Nobody wants to think that they are just another name on a list of contacts. Using a generic email where only the name of the recipient changes is an option, but be sure not to make the rookie error of using a different font or text size for the name than the rest of the pre-written email! The more personal details and touches you can use the better, it creates a connection with the reader rather than making them feel that they are little more than another name from a contacts list. Oh, and makes sure you get their name right!

  • Get To The Point

It is fine to ask how someone is or make another similar greeting in your email, but try to get to the point. Be specific and to the point with what you want. So, if you wanted to organise a meeting to discuss a few issues make sure to say how much time it is likely to take and what sort of things you want to talk about.

  • Keep It Short

Don’t ramble on in your email – keep it short and to the point. It is fine to chat on with personal emails, but business emails need to be business-like, which means keeping things short and sweet.
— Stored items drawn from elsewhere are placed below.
(* For every integer $k\ge 2$ there exists a $k$-januarial of simple type with $h=1$, i.e. whose common graph $\Upsilon$ is a single simple circuit.
   Context: Let $\Delta(2,k,\ell)=\langle x,y:x^2=y^k=(xy)^\ell=1\rangle$, acting on a finite set $S$. The coset graph has: - vertex set $S$; - an undirected $x$-edge joining each pair of points transposed by $x$; - a directed $y$-edge $u\to uy$. It is $2$-cell embedded in a closed orientable surface via the rotation system (incoming $y$-edge, outgoing $y$-edge, $x$-edge) at each vertex. The faces are $y$-faces and $xy$-faces; this is the coset diagram. A $k$-januarial is the coset diagram of an action of $\Delta(2,k,\ell)$, for some $\ell$, in which $\langle xy\rangle$ has exactly two orbits, each of size $|S|/2$. Let $S_1,S_2$ be the closures of its two $xy$-faces. Collapsing each $y$-face to a point gives the companion diagram, with images $S_i'$ of $S_i$. The common graph is $\Upsilon=S_1'\cap S_2'$. The januarial is of simple type if $\Upsilon$ is a union of $h$ pairwise disjoint simple circuits. *)

From mathcomp Require Import all_boot all_fingroup.
Set Implicit Arguments. Unset Strict Implicit. Unset Printing Implicit Defensive.
Local Open Scope group_scope.

(* Points of S are the elements of a finite type T; x, y : {perm T} act on the
   right: u^x = x u, and u^(xy) = (x * y) u  (mathcomp: (s * t) u = t (s u)). *)

(* A transitive action of Delta(2,k,l) = <x,y | x^2 = y^k = (xy)^l = 1> on T,
   for some l; the permutation y has order exactly k. *)
Definition triangle_action (k : nat) (T : finType) (x y : {perm T}) : Prop :=
  [/\ x ^+ 2 = 1, #[y] = k,
      (exists2 l : nat, 0 < l & (x * y) ^+ l = 1)
    & forall u v : T, exists2 g, g \in <<[set x; y]>> & g u = v].

Definition januarial (k : nat) (T : finType) (x y : {perm T}) : Prop :=
  [/\ triangle_action k x y,
      #|porbits (x * y)| = 2
    & forall O, O \in porbits (x * y) -> (#|O| * 2 = #|T|)%N].

(* Companion diagram: vertices = <y>-orbits (collapsed y-faces),
   edges = x-edges {u, x u}, faces = <xy>-orbits.  The closure S_i' of the
   xy-face O_i contains the vertices (y-orbits) meeting O_i and the x-edges
   {u, x u} with u \in O_i or x u \in O_i.  The common graph
   Upsilon = S_1' :&: S_2' therefore has: *)

(* vertices: y-orbits meeting every (i.e. both) xy-face *)
Definition common_vertices (T : finType) (x y : {perm T}) : {set {set T}} :=
  [set V in porbits y | [forall O in porbits (x * y), V :&: O != set0]].

(* edges: x-edges whose two sides lie in different xy-faces *)
Definition common_edges (T : finType) (x y : {perm T}) : {set {set T}} :=
  [set [set u; x u] | u in [pred u | porbit (x * y) u != porbit (x * y) (x u)]].

Definition joins (T : finType) (x y : {perm T}) (e v w : {set T}) : Prop :=
  exists u, [/\ e = [set u; x u], porbit y u = v & porbit y (x u) = w].

Definition common_graph_is_simple_circuit (T : finType) (x y : {perm T}) : Prop :=
  exists (n : nat) (vs es : seq {set T}),
    [/\ 0 < n, size vs = n, size es = n, uniq vs & uniq es] /\
    [/\ common_vertices x y = [set v in vs],
        common_edges x y = [set e in es]
      & forall i, i < n ->
          joins x y (nth set0 es i) (nth set0 vs i) (nth set0 vs ((i.+1) %% n))].

Definition januarial_simple_h1 (k : nat) (T : finType) (x y : {perm T}) : Prop :=
  januarial k x y /\ common_graph_is_simple_circuit x y.

From mathcomp Require Import all_boot all_fingroup.
From mathcomp Require Import cyclic.
Set Implicit Arguments. Unset Strict Implicit. Unset Printing Implicit Defensive.
Local Open Scope group_scope.

(* Take two y-cycles of length k, the points (b, i) of bool * 'I_k with
   y : (b, i) |-> (b, i + 1), and let x swap the two cycles at positions 0 and 1
   and fix every other point.  Conjugating y by the involution
   (b, i) |-> (b xor [i = 1], i) gives exactly xy, so xy also has two cycles of
   length k.  Each y-cycle meets both xy-cycles, and the only x-edges between
   the two xy-faces are the two rungs at positions 0 and 1, so the common graph
   is a circuit of length two. *)

Lemma val_iter_ordS p (i : 'I_p) m : val (iter m (@ordS p) i) = (i + m) %% p.
Proof.
elim: m => [|m IHm] /=; first by rewrite addn0 modn_small.
by rewrite IHm -[_.+1]addn1 modnDml addn1 addnS.
Qed.

Lemma ordS_eq1 p (i : 'I_p.+2) : (ordS i == 1 :> nat)%N = (i == 0 :> nat)%N.
Proof.
case: i => i /= lt_ip.
by case: (ltngtP i.+1 p.+2) lt_ip => // [/modn_small-> | [->]]; rewrite ?modnn.
Qed.

Lemma mem_porbitJ (T : finType) (s t : {perm T}) u v :
  (t v \in porbit (s ^ t) (t u)) = (v \in porbit s u).
Proof.
apply/porbitP/porbitP => -[i def_v]; exists i; last by rewrite def_v -conjXg permJ.
by apply: (@perm_inj _ t); rewrite def_v -conjXg permJ.
Qed.

Lemma porbits_bool (T : finType) (s : {perm T}) (P : bool -> {set T})
    (f : T -> bool) (a0 a1 : T) :
  (forall u, porbit s u = P (f u)) -> f a0 = false -> f a1 = true ->
  porbits s = [set P false; P true].
Proof.
move=> sP fa0 fa1; apply/setP => V; apply/imsetP/set2P => [[u _ ->]|[->|->]].
- by rewrite sP; case: (f u); [right | left].
- by exists a0; rewrite ?sP ?fa0.
- by exists a1; rewrite ?sP ?fa1.
Qed.

Section Ladder.

Variable n : nat.
Local Notation k := n.+2.
Local Notation T := (bool * 'I_k)%type.

Definition spin_fun (u : T) : T := (u.1, ordS u.2).
Definition bridge_fun (u : T) : T := if u.2 < 2 then (~~ u.1, u.2) else u.
Definition twist_fun (u : T) : T := (u.1 (+) (u.2 == 1 :> nat)%N, u.2).

Lemma spin_fun_inj : injective spin_fun.
Proof. by move=> [a i] [b j] [-> eq_ij]; congr pair; apply/ordS_inj/val_inj. Qed.

Lemma bridge_funK : involutive bridge_fun.
Proof.
move=> [b i]; rewrite /bridge_fun.
by case: (ltnP i 2) => /= [-> | i_ge2]; rewrite ?negbK // ltnNge i_ge2.
Qed.

Lemma twist_funK : involutive twist_fun.
Proof. by move=> [b i]; rewrite /twist_fun /= addbK. Qed.

Definition spin : {perm T} := perm spin_fun_inj.
Definition bridge : {perm T} := perm (inv_inj bridge_funK).
Definition twist : {perm T} := perm (inv_inj twist_funK).

Definition ord_one : 'I_k := Ordinal (isT : 1 < k)%N.

Lemma bridgeK : involutive bridge.
Proof. by move=> u; rewrite !permE bridge_funK. Qed.

Lemma twistK : involutive twist.
Proof. by move=> u; rewrite !permE twist_funK. Qed.

Lemma bridge_low b (i : 'I_k) : i < 2 -> bridge (b, i) = (~~ b, i).
Proof. by move=> i_lt2; rewrite permE /bridge_fun /= i_lt2. Qed.

Lemma bridge_high b (i : 'I_k) : 2 <= i -> bridge (b, i) = (b, i).
Proof. by move=> i_ge2; rewrite permE /bridge_fun /= ltnNge i_ge2. Qed.

Lemma spinX m (u : T) : (spin ^+ m) u = (u.1, iter m (@ordS k) u.2).
Proof. by rewrite permX; elim: m => [|m /= ->]; [case: u | rewrite permE]. Qed.

Lemma order_spin : #[spin] = k.
Proof.
apply/eqP; rewrite eqn_dvd; apply/andP; split.
  rewrite order_dvdn; apply/eqP/permP => -[b i]; rewrite spinX perm1.
  by congr pair; apply: val_inj; rewrite val_iter_ordS modnDr modn_small.
have := congr1 (fun g : {perm T} => val (g (false, ord0)).2) (expg_order spin).
by rewrite spinX perm1 val_iter_ordS /= add0n => /eqP.
Qed.

Lemma mem_porbit_spin u v : (v \in porbit spin u) = (v.1 == u.1).
Proof.
apply/porbitP/eqP => [[m ->]|]; first by rewrite spinX.
case: u v => [b i] [c j] /= ->; exists (j + (k - i)); rewrite spinX.
congr pair; apply: val_inj; rewrite val_iter_ordS addnCA subnKC 1?ltnW //.
by rewrite modnDr modn_small.
Qed.

Lemma bridge_spin_conj : bridge * spin = spin ^ twist.
Proof.
apply/permP => v; rewrite -(permKV twist v) permJ permM.
case: (twist^-1 v) => b i; rewrite !permE /bridge_fun /twist_fun /spin_fun /=.
by rewrite ordS_eq1; case: i => -[|[|i]] lt_ik; rewrite /= ?addbT ?addbF ?negbK.
Qed.

Lemma mem_porbit_bridge_spin u v :
  (v \in porbit (bridge * spin) u) = ((twist v).1 == (twist u).1).
Proof.
by rewrite bridge_spin_conj -{1}[v]twistK -{1}[u]twistK mem_porbitJ mem_porbit_spin.
Qed.

Definition layer (b : bool) : {set T} := setX [set b] setT.
Definition face (b : bool) : {set T} := twist @^-1: layer b.
Definition rung (i : 'I_k) : {set T} := [set (false, i); (true, i)].

Lemma mem_layer b u : (u \in layer b) = (u.1 == b).
Proof. by case: u => a i; rewrite in_setX in_set1 in_setT andbT. Qed.

Lemma mem_face b u : (u \in face b) = ((twist u).1 == b).
Proof. by rewrite inE mem_layer. Qed.

Lemma card_layer b : #|layer b| = k.
Proof. by rewrite cardsX cards1 cardsT card_ord mul1n. Qed.

Lemma card_face b : #|face b| = k.
Proof. by rewrite card_preimset ?card_layer //; apply: perm_inj. Qed.

Lemma twist0 b : twist (b, ord0) = (b, ord0).
Proof. by rewrite permE /twist_fun /= addbF. Qed.

Lemma eq_layer b c : (layer b == layer c) = (b == c).
Proof.
apply/eqP/eqP => [eq_bc|-> //].
by have := mem_layer b (b, ord0); rewrite eq_bc mem_layer /= eqxx => /eqP.
Qed.

Lemma eq_face b c : (face b == face c) = (b == c).
Proof.
apply/eqP/eqP => [eq_bc|-> //].
by have := mem_face b (b, ord0); rewrite eq_bc !mem_face twist0 /= eqxx => /eqP.
Qed.

Lemma rung0_neq_rung1 : rung ord0 != rung ord_one.
Proof. by apply/eqP => /setP/(_ (false, ord0)); rewrite !inE. Qed.

Lemma porbit_spin u : porbit spin u = layer u.1.
Proof. by apply/setP => v; rewrite mem_layer mem_porbit_spin. Qed.

Lemma porbit_bridge_spin u : porbit (bridge * spin) u = face (twist u).1.
Proof. by apply/setP => v; rewrite mem_face mem_porbit_bridge_spin. Qed.

Lemma porbits_spin : porbits spin = [set layer false; layer true].
Proof. by apply: (porbits_bool porbit_spin (a0 := (false, ord0)) (a1 := (true, ord0))). Qed.

Lemma porbits_bridge_spin : porbits (bridge * spin) = [set face false; face true].
Proof.
by apply: (porbits_bool porbit_bridge_spin (a0 := (false, ord0)) (a1 := (true, ord0)));
  rewrite twist0.
Qed.

Lemma layer_meets_face b c : layer b :&: face c != set0.
Proof.
apply/set0Pn; exists (b, if b == c then ord0 else ord_one).
by rewrite inE mem_layer mem_face permE; case: b; case: c.
Qed.

Lemma bridge_changes_face u :
  (porbit (bridge * spin) u != porbit (bridge * spin) (bridge u)) = (u.2 < 2).
Proof.
rewrite !porbit_bridge_spin eq_face; case: u => b i /=.
case: (ltnP i 2) => [i_lt2 | i_ge2]; last by rewrite bridge_high ?eqxx.
by rewrite bridge_low // !permE /twist_fun /= addNb; case: (_ (+) _).
Qed.

Lemma bridge_rung (u : T) : u.2 < 2 -> [set u; bridge u] = rung u.2.
Proof. by case: u => [[] i] /= i_lt2; rewrite bridge_low // setUC. Qed.

Lemma common_vertices_ladder :
  common_vertices bridge spin = [set V in [:: layer false; layer true]].
Proof.
apply/setP => V; rewrite !inE porbits_spin !inE.
apply/andP/idP => [[] // | V_layer]; split => //.
apply/forall_inP => O; rewrite porbits_bridge_spin.
by case/orP: V_layer => /eqP-> /set2P[] ->; apply: layer_meets_face.
Qed.

Lemma common_edges_ladder :
  common_edges bridge spin = [set e in [:: rung ord0; rung ord_one]].
Proof.
apply/setP => e; rewrite !inE; apply/imsetP/idP => [[u] | ].
  rewrite inE bridge_changes_face => u2_lt2 ->; rewrite bridge_rung //.
  have [-> | ->] : u.2 = ord0 \/ u.2 = ord_one.
    by case: u u2_lt2 => b [[|[|//]] i_lt] _; [left | right]; apply: val_inj.
  - by rewrite eqxx.
  - by rewrite eqxx orbT.
by case/orP=> /eqP ->; [exists (false, ord0) | exists (false, ord_one)];
  rewrite ?inE ?bridge_changes_face ?bridge_rung.
Qed.

Lemma joins_rung b (i : 'I_k) :
  i < 2 -> joins bridge spin (rung i) (layer b) (layer (~~ b)).
Proof.
move=> i_lt2; exists (b, i); rewrite bridge_rung // !porbit_spin.
by rewrite bridge_low.
Qed.

Lemma ladder_transitive u v : exists2 g, g \in <<[set bridge; spin]>> & g u = v.
Proof.
have [i u_i] : exists i, (u.1, ord0) = (spin ^+ i) u.
  by apply/porbitP; rewrite mem_porbit_spin.
have [j v_j] : exists j, v = (spin ^+ j) (v.1, ord0).
  by apply/porbitP; rewrite mem_porbit_spin.
pose h := if u.1 == v.1 then 1 else bridge.
have h_u0 : h (u.1, ord0) = (v.1, ord0).
  rewrite /h; case: eqP => [-> | /eqP]; first by rewrite perm1.
  by rewrite bridge_low //; case: u.1; case: v.1.
exists (spin ^+ i * h * spin ^+ j); last by rewrite !permM -u_i h_u0 -v_j.
have [x_gen y_gen] : bridge \in <<[set bridge; spin]>> /\ spin \in <<[set bridge; spin]>>.
  by split; apply: mem_gen; rewrite !inE eqxx ?orbT.
by rewrite !groupM ?groupX // /h; case: ifP.
Qed.

Lemma ladder_triangle_action : triangle_action k bridge spin.
Proof.
split; last exact: ladder_transitive.
- by apply/permP => u; rewrite expgS expg1 permM bridgeK perm1.
- exact: order_spin.
- by exists #[bridge * spin]; [exact: order_gt0 | exact: expg_order].
Qed.

Lemma ladder_januarial : januarial k bridge spin.
Proof.
split; first exact: ladder_triangle_action.
  by rewrite porbits_bridge_spin cards2 eq_face.
move=> O; rewrite porbits_bridge_spin card_prod card_bool card_ord mulnC.
by case/set2P=> ->; rewrite card_face.
Qed.

Lemma ladder_common_graph_is_simple_circuit : common_graph_is_simple_circuit bridge spin.
Proof.
exists 2, [:: layer false; layer true], [:: rung ord0; rung ord_one].
split; first by split => //=; rewrite inE andbT ?eq_layer ?rung0_neq_rung1.
split; [exact: common_vertices_ladder | exact: common_edges_ladder |].
by case=> [|[|//]] _; apply: joins_rung.
Qed.

End Ladder.

Theorem theorem2 (k : nat) : 2 <= k ->
  exists (T : finType) (x y : {perm T}), januarial_simple_h1 k x y.
Proof.
case: k => [|[|n]] // _.
exists (bool * 'I_n.+2)%type, (bridge n), (spin n); split.
- exact: ladder_januarial.
- exact: ladder_common_graph_is_simple_circuit.
Qed.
People don’t have time to sit and read paragraph after paragraph. Think of your email as an entry into a discussion rather than a monologue! Getting your point across is a skill in itself!

  • Make It Unique

As with offering a personal touch in your email, it is also a good idea to explain why you chose to send the email to this particular person. Not only is it flattering for the person to think they were chosen specifically, it also makes them more likely to respond. It may seem a little bit dishonest (especially if you have sent the same thing to several people!), but making the person feel special and chosen will give you a better chance of success – which is ultimately what you are after!